----- RECORD EXCERPTS -----

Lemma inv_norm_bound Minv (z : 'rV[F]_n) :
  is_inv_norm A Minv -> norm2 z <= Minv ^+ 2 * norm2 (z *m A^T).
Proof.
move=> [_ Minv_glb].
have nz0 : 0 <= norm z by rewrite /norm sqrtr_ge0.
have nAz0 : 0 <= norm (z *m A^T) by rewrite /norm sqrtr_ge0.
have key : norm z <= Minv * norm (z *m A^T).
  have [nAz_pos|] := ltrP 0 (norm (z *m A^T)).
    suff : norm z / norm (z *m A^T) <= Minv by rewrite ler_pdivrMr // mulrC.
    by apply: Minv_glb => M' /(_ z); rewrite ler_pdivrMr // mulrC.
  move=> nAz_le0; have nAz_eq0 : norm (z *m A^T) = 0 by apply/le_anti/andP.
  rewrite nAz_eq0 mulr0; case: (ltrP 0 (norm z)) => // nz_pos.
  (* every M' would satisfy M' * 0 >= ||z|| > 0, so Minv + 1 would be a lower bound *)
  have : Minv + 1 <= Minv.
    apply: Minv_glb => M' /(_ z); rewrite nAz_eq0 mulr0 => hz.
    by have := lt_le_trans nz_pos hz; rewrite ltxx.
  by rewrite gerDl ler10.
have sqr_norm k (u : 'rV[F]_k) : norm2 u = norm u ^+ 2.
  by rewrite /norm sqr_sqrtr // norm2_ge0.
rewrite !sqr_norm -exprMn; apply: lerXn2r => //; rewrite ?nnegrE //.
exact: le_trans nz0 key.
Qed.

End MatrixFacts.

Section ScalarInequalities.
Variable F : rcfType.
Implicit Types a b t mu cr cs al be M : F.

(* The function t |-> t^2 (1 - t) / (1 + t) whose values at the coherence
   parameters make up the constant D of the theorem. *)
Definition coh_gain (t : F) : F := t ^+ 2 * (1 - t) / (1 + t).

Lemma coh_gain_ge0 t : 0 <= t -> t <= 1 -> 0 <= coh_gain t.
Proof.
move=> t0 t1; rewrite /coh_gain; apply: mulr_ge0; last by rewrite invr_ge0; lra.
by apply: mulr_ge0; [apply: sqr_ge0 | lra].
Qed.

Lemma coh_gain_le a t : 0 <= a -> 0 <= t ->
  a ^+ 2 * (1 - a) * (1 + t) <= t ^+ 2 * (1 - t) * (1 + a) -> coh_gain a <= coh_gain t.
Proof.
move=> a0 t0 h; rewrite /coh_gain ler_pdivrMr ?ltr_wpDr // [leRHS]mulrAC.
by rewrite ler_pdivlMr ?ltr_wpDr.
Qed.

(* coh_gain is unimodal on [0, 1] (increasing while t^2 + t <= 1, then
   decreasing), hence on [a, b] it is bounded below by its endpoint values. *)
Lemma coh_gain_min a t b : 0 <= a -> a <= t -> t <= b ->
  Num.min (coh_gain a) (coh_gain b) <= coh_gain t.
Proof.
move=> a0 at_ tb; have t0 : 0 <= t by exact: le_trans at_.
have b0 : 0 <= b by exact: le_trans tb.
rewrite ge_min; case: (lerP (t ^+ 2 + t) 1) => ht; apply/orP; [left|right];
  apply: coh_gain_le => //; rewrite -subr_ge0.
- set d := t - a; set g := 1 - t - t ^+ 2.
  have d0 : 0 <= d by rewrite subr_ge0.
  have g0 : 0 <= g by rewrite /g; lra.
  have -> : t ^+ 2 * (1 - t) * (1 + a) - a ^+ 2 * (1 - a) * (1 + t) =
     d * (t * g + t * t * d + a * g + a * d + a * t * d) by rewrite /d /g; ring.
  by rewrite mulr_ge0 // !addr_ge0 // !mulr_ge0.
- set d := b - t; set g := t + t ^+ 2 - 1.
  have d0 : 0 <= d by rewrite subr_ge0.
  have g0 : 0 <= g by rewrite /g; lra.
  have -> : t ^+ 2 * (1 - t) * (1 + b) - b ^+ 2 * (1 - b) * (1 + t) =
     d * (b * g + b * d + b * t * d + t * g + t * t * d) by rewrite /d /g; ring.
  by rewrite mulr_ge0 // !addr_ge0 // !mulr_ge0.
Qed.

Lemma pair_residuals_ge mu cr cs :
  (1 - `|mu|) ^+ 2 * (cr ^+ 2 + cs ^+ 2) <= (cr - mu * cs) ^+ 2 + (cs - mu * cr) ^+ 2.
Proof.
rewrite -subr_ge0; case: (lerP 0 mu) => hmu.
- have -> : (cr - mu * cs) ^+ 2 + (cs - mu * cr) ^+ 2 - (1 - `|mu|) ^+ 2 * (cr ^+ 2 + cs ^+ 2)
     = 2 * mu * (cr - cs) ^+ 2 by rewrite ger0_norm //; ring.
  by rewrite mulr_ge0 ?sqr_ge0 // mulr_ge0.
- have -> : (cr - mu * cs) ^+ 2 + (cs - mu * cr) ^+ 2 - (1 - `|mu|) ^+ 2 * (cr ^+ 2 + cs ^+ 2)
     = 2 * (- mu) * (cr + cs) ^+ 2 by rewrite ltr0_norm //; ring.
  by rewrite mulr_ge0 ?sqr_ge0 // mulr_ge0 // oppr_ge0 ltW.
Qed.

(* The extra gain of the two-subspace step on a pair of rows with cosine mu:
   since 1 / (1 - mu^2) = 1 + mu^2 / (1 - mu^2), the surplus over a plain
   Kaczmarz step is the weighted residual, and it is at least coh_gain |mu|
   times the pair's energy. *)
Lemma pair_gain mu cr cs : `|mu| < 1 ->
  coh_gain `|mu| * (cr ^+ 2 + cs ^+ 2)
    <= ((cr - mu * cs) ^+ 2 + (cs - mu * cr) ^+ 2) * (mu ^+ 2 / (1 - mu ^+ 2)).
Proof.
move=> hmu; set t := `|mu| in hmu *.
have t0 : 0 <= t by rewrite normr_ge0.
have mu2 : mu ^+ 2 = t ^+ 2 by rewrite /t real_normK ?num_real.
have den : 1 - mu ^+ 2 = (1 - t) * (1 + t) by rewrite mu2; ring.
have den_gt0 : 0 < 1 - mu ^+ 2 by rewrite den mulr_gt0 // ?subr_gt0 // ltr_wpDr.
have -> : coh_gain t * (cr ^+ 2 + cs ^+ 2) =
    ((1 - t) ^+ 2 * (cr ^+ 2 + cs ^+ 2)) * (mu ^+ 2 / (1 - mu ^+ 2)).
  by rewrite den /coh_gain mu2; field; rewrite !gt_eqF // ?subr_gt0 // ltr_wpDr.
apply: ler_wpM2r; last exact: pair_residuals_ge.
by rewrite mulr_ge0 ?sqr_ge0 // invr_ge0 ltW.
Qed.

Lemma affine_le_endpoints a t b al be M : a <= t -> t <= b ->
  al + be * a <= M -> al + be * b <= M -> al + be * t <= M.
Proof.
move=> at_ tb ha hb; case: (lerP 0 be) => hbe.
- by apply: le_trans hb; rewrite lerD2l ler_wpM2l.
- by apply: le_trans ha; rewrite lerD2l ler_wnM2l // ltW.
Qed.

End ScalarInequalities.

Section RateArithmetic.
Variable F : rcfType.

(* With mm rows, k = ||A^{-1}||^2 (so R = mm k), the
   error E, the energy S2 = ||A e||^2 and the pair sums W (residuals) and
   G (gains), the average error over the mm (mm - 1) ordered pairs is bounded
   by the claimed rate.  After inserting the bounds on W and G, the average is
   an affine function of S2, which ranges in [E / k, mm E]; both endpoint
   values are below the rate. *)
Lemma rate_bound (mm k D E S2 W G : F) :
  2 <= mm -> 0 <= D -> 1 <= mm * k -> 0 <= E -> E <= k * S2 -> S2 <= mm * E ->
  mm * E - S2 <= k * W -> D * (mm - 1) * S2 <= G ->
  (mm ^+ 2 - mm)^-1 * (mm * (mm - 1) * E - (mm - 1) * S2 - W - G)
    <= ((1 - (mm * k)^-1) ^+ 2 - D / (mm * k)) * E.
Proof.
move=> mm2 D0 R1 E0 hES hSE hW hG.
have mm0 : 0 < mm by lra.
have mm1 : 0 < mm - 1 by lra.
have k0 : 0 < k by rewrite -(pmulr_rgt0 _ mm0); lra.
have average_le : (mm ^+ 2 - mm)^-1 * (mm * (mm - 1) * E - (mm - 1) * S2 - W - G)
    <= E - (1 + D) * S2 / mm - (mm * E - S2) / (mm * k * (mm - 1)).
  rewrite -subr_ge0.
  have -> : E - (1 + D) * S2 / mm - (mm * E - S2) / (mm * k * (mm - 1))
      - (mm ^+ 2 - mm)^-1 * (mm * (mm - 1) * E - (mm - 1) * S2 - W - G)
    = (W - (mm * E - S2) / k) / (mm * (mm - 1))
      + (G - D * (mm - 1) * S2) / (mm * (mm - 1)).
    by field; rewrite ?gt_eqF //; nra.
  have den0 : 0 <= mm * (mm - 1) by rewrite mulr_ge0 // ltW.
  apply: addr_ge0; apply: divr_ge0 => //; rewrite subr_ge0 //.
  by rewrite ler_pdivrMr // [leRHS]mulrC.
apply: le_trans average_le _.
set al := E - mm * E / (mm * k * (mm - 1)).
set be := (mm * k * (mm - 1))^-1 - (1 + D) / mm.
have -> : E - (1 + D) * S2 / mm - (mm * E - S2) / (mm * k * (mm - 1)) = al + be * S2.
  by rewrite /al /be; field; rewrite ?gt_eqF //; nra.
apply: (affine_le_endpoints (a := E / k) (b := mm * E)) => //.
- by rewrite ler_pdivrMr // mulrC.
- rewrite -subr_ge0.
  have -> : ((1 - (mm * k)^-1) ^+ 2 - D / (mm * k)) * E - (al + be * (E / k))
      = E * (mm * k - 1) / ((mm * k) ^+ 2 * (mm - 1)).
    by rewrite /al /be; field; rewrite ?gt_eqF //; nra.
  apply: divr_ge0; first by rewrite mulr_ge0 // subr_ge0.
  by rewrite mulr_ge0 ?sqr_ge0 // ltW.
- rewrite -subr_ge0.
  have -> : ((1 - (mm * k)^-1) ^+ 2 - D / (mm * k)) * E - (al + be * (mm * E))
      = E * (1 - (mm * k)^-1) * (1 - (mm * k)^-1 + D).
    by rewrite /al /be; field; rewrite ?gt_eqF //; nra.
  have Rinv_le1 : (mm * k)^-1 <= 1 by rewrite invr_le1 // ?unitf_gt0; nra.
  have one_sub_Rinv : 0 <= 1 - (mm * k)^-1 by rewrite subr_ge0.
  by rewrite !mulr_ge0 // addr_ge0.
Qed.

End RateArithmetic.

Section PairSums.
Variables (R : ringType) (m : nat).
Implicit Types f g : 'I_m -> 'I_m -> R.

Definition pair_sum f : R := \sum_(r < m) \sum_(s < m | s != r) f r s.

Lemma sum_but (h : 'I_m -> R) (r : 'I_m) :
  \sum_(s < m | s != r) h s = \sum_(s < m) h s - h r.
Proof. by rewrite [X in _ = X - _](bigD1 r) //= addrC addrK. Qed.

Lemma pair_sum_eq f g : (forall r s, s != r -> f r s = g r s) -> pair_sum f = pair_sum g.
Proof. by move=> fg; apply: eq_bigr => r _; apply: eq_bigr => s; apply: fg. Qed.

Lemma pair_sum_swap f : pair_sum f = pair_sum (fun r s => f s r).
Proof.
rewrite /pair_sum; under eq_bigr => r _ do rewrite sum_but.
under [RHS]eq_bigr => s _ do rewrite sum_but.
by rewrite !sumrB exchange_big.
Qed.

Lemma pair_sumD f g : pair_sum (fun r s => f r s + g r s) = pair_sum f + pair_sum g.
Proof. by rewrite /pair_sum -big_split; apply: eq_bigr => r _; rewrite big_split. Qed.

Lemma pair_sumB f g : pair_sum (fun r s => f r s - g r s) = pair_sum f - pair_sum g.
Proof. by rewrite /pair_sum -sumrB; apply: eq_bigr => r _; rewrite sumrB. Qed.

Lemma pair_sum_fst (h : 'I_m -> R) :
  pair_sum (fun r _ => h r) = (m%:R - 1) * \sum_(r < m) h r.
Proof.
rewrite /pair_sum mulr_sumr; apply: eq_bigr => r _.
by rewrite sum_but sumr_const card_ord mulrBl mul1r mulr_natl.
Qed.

-----

### WHAT IS BEING ASKED
A single number is expected: how many lines in the entries contain "energy".

### RESPONSE BOX
2